# [WORK INSTRUCTIONS]
Below is a listing. Write out exactly its lines between the one holding "(* Suppose $\beta_j\ne0$" and the one holding "iter j.-1 (lanczos_step", inclusive.

*** Opening of INFORMATION SHOWN ***

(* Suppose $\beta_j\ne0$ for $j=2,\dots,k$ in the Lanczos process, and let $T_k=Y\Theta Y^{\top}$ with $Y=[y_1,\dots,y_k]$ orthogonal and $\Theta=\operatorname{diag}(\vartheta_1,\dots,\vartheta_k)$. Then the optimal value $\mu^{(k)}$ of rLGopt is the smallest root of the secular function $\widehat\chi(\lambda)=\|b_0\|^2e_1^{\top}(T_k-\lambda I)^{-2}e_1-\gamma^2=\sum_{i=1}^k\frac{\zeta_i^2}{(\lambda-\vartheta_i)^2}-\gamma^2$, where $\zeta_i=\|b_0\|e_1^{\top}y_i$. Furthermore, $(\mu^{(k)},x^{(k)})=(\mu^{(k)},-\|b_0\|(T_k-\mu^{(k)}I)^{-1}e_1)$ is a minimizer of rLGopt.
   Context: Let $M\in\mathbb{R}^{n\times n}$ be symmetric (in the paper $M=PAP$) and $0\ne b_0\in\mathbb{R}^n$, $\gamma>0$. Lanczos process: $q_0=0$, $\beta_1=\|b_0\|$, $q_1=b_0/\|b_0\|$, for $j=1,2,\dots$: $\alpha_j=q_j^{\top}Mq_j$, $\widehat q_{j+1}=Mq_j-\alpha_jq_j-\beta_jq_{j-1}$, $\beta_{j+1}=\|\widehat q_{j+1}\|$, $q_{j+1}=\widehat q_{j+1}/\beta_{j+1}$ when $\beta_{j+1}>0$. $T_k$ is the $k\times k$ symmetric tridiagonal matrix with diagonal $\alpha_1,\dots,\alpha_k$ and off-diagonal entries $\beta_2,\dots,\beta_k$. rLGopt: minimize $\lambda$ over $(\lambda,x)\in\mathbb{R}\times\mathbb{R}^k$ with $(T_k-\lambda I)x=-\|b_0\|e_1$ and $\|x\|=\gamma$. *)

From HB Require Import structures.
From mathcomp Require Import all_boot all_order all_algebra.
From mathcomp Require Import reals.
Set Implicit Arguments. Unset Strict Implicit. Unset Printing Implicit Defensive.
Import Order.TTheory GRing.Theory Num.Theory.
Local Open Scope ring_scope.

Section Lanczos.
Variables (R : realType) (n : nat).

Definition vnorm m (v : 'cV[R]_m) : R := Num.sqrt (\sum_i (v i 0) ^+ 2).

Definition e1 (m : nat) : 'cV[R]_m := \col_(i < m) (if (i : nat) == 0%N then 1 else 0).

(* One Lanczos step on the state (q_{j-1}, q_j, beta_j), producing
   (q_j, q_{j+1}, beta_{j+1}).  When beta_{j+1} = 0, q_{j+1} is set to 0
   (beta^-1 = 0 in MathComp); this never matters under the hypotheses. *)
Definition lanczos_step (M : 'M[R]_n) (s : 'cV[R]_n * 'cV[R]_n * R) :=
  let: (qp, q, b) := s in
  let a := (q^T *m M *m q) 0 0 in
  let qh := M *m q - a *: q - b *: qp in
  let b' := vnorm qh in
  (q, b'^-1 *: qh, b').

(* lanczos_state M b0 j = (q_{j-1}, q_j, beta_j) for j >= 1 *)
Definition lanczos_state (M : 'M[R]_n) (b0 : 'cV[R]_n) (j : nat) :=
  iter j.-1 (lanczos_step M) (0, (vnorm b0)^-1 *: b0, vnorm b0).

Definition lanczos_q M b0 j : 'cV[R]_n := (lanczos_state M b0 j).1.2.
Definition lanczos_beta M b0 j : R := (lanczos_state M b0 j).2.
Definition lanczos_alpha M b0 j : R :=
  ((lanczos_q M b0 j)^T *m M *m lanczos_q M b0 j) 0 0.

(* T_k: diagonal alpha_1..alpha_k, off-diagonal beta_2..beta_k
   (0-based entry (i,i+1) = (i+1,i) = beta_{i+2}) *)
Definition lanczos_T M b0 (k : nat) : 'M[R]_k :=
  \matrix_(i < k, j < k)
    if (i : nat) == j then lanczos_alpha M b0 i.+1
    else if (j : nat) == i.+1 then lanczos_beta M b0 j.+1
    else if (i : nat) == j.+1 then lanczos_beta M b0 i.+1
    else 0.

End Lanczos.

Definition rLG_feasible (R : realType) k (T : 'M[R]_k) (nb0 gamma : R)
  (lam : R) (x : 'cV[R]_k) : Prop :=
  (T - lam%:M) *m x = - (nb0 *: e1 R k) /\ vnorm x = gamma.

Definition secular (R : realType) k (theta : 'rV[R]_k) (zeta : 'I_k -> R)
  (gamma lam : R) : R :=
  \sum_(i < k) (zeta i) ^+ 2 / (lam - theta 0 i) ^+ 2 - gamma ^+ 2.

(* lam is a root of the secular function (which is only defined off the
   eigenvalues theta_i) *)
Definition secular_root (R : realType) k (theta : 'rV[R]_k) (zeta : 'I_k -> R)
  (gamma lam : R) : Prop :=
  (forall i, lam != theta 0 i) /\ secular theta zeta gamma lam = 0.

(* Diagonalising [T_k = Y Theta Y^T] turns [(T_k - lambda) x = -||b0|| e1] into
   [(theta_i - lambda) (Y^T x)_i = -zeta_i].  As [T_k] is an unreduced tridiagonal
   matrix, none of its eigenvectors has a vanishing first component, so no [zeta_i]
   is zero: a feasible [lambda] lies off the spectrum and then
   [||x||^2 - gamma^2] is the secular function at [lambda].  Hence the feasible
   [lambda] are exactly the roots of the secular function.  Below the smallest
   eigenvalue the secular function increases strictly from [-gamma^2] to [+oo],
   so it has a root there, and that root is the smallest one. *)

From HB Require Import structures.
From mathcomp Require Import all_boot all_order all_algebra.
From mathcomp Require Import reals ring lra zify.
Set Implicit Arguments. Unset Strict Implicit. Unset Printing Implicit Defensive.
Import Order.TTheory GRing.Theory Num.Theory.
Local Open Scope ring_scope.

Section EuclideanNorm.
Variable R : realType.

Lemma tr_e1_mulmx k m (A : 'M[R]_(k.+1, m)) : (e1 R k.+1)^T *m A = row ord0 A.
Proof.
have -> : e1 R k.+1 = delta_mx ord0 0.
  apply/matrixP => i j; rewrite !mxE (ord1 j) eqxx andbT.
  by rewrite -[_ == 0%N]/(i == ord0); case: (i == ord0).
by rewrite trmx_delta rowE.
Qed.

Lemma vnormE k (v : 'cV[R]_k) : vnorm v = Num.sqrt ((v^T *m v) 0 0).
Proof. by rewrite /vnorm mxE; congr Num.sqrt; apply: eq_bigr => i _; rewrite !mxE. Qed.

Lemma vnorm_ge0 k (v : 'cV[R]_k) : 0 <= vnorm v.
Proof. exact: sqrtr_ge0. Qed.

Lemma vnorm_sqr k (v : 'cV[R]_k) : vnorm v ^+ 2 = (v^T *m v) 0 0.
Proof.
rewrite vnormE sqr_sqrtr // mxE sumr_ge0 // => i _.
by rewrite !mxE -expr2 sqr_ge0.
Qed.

*** Close of INFORMATION SHOWN ***
*** Opening of INFORMATION SHOWN ***

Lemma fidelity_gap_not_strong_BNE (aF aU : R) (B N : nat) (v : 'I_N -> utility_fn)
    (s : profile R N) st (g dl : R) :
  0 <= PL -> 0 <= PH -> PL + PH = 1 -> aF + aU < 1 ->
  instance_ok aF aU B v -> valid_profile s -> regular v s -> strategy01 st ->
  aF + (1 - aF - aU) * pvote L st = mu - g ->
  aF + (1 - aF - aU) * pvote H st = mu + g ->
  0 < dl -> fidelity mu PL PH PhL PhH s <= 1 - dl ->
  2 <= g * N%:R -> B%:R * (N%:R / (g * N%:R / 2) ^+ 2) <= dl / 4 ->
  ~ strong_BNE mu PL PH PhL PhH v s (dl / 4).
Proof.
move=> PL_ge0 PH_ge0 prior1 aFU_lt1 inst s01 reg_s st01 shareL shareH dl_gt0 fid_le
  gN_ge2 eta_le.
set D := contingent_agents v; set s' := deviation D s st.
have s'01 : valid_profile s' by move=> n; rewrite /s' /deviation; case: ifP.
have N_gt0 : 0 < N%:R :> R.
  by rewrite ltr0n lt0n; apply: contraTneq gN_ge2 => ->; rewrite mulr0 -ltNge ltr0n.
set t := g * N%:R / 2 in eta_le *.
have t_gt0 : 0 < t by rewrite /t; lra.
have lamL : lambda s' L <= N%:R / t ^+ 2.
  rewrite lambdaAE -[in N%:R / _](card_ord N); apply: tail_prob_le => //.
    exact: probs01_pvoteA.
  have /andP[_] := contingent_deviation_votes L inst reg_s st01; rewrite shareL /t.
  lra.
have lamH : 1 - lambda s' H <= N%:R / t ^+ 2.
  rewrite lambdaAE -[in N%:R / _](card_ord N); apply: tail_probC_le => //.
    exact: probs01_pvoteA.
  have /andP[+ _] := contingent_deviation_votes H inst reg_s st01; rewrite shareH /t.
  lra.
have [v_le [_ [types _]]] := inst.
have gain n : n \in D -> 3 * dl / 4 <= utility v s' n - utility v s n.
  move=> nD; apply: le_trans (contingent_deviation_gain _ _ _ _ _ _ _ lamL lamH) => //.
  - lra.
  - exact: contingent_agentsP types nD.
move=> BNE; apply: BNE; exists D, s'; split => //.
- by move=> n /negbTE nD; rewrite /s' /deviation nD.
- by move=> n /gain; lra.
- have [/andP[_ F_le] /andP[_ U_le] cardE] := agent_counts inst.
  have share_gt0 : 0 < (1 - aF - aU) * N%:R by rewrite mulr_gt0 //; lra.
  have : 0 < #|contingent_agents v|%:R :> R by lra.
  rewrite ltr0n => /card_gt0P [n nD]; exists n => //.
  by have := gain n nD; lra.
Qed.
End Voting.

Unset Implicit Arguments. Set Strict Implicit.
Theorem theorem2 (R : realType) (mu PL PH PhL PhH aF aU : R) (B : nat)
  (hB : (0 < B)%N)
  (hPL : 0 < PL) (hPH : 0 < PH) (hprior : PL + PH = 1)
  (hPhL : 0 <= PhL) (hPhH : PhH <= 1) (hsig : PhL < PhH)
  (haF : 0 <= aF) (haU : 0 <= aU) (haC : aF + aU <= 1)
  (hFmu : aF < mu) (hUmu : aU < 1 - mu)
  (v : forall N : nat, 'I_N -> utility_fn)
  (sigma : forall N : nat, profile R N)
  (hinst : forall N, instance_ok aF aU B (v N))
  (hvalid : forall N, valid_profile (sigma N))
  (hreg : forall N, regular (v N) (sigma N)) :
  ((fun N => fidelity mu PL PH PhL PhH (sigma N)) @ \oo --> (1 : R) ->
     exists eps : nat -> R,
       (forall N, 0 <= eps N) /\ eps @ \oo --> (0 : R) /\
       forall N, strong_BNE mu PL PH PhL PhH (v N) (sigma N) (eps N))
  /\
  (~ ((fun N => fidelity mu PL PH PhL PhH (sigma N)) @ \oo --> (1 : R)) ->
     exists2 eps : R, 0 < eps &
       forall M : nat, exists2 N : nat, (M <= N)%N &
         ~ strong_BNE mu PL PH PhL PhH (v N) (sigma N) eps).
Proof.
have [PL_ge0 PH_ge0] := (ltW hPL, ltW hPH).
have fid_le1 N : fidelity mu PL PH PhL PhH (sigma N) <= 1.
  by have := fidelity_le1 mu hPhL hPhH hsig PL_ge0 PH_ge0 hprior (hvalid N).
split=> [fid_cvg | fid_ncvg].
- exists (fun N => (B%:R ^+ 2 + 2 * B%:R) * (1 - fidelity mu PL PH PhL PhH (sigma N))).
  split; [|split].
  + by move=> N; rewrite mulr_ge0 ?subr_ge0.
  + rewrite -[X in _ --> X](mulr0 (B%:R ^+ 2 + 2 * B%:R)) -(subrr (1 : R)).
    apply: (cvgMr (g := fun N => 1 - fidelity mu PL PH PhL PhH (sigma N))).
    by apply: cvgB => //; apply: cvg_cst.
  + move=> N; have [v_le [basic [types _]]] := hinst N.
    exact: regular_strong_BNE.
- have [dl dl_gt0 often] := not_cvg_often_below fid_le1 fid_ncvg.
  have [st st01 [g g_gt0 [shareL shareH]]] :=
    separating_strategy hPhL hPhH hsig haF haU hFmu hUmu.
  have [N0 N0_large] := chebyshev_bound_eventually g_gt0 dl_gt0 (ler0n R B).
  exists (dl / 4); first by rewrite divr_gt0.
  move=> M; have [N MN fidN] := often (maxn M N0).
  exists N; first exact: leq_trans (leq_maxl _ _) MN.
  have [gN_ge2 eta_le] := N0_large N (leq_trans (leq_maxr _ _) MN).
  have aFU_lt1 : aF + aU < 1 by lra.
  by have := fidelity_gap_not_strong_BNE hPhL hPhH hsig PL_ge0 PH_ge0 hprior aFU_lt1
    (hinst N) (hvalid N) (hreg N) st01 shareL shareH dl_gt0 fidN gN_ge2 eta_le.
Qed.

*** Close of INFORMATION SHOWN ***

# [WRITTEN RESPONSE]
(* Suppose $\beta_j\ne0$ for $j=2,\dots,k$ in the Lanczos process, and let $T_k=Y\Theta Y^{\top}$ with $Y=[y_1,\dots,y_k]$ orthogonal and $\Theta=\operatorname{diag}(\vartheta_1,\dots,\vartheta_k)$. Then the optimal value $\mu^{(k)}$ of rLGopt is the smallest root of the secular function $\widehat\chi(\lambda)=\|b_0\|^2e_1^{\top}(T_k-\lambda I)^{-2}e_1-\gamma^2=\sum_{i=1}^k\frac{\zeta_i^2}{(\lambda-\vartheta_i)^2}-\gamma^2$, where $\zeta_i=\|b_0\|e_1^{\top}y_i$. Furthermore, $(\mu^{(k)},x^{(k)})=(\mu^{(k)},-\|b_0\|(T_k-\mu^{(k)}I)^{-1}e_1)$ is a minimizer of rLGopt.
   Context: Let $M\in\mathbb{R}^{n\times n}$ be symmetric (in the paper $M=PAP$) and $0\ne b_0\in\mathbb{R}^n$, $\gamma>0$. Lanczos process: $q_0=0$, $\beta_1=\|b_0\|$, $q_1=b_0/\|b_0\|$, for $j=1,2,\dots$: $\alpha_j=q_j^{\top}Mq_j$, $\widehat q_{j+1}=Mq_j-\alpha_jq_j-\beta_jq_{j-1}$, $\beta_{j+1}=\|\widehat q_{j+1}\|$, $q_{j+1}=\widehat q_{j+1}/\beta_{j+1}$ when $\beta_{j+1}>0$. $T_k$ is the $k\times k$ symmetric tridiagonal matrix with diagonal $\alpha_1,\dots,\alpha_k$ and off-diagonal entries $\beta_2,\dots,\beta_k$. rLGopt: minimize $\lambda$ over $(\lambda,x)\in\mathbb{R}\times\mathbb{R}^k$ with $(T_k-\lambda I)x=-\|b_0\|e_1$ and $\|x\|=\gamma$. *)

From HB Require Import structures.
From mathcomp Require Import all_boot all_order all_algebra.
From mathcomp Require Import reals.
Set Implicit Arguments. Unset Strict Implicit. Unset Printing Implicit Defensive.
Import Order.TTheory GRing.Theory Num.Theory.
Local Open Scope ring_scope.

Section Lanczos.
Variables (R : realType) (n : nat).

Definition vnorm m (v : 'cV[R]_m) : R := Num.sqrt (\sum_i (v i 0) ^+ 2).

Definition e1 (m : nat) : 'cV[R]_m := \col_(i < m) (if (i : nat) == 0%N then 1 else 0).

(* One Lanczos step on the state (q_{j-1}, q_j, beta_j), producing
   (q_j, q_{j+1}, beta_{j+1}).  When beta_{j+1} = 0, q_{j+1} is set to 0
   (beta^-1 = 0 in MathComp); this never matters under the hypotheses. *)
Definition lanczos_step (M : 'M[R]_n) (s : 'cV[R]_n * 'cV[R]_n * R) :=
  let: (qp, q, b) := s in
  let a := (q^T *m M *m q) 0 0 in
  let qh := M *m q - a *: q - b *: qp in
  let b' := vnorm qh in
  (q, b'^-1 *: qh, b').

(* lanczos_state M b0 j = (q_{j-1}, q_j, beta_j) for j >= 1 *)
Definition lanczos_state (M : 'M[R]_n) (b0 : 'cV[R]_n) (j : nat) :=
  iter j.-1 (lanczos_step M) (0, (vnorm b0)^-1 *: b0, vnorm b0).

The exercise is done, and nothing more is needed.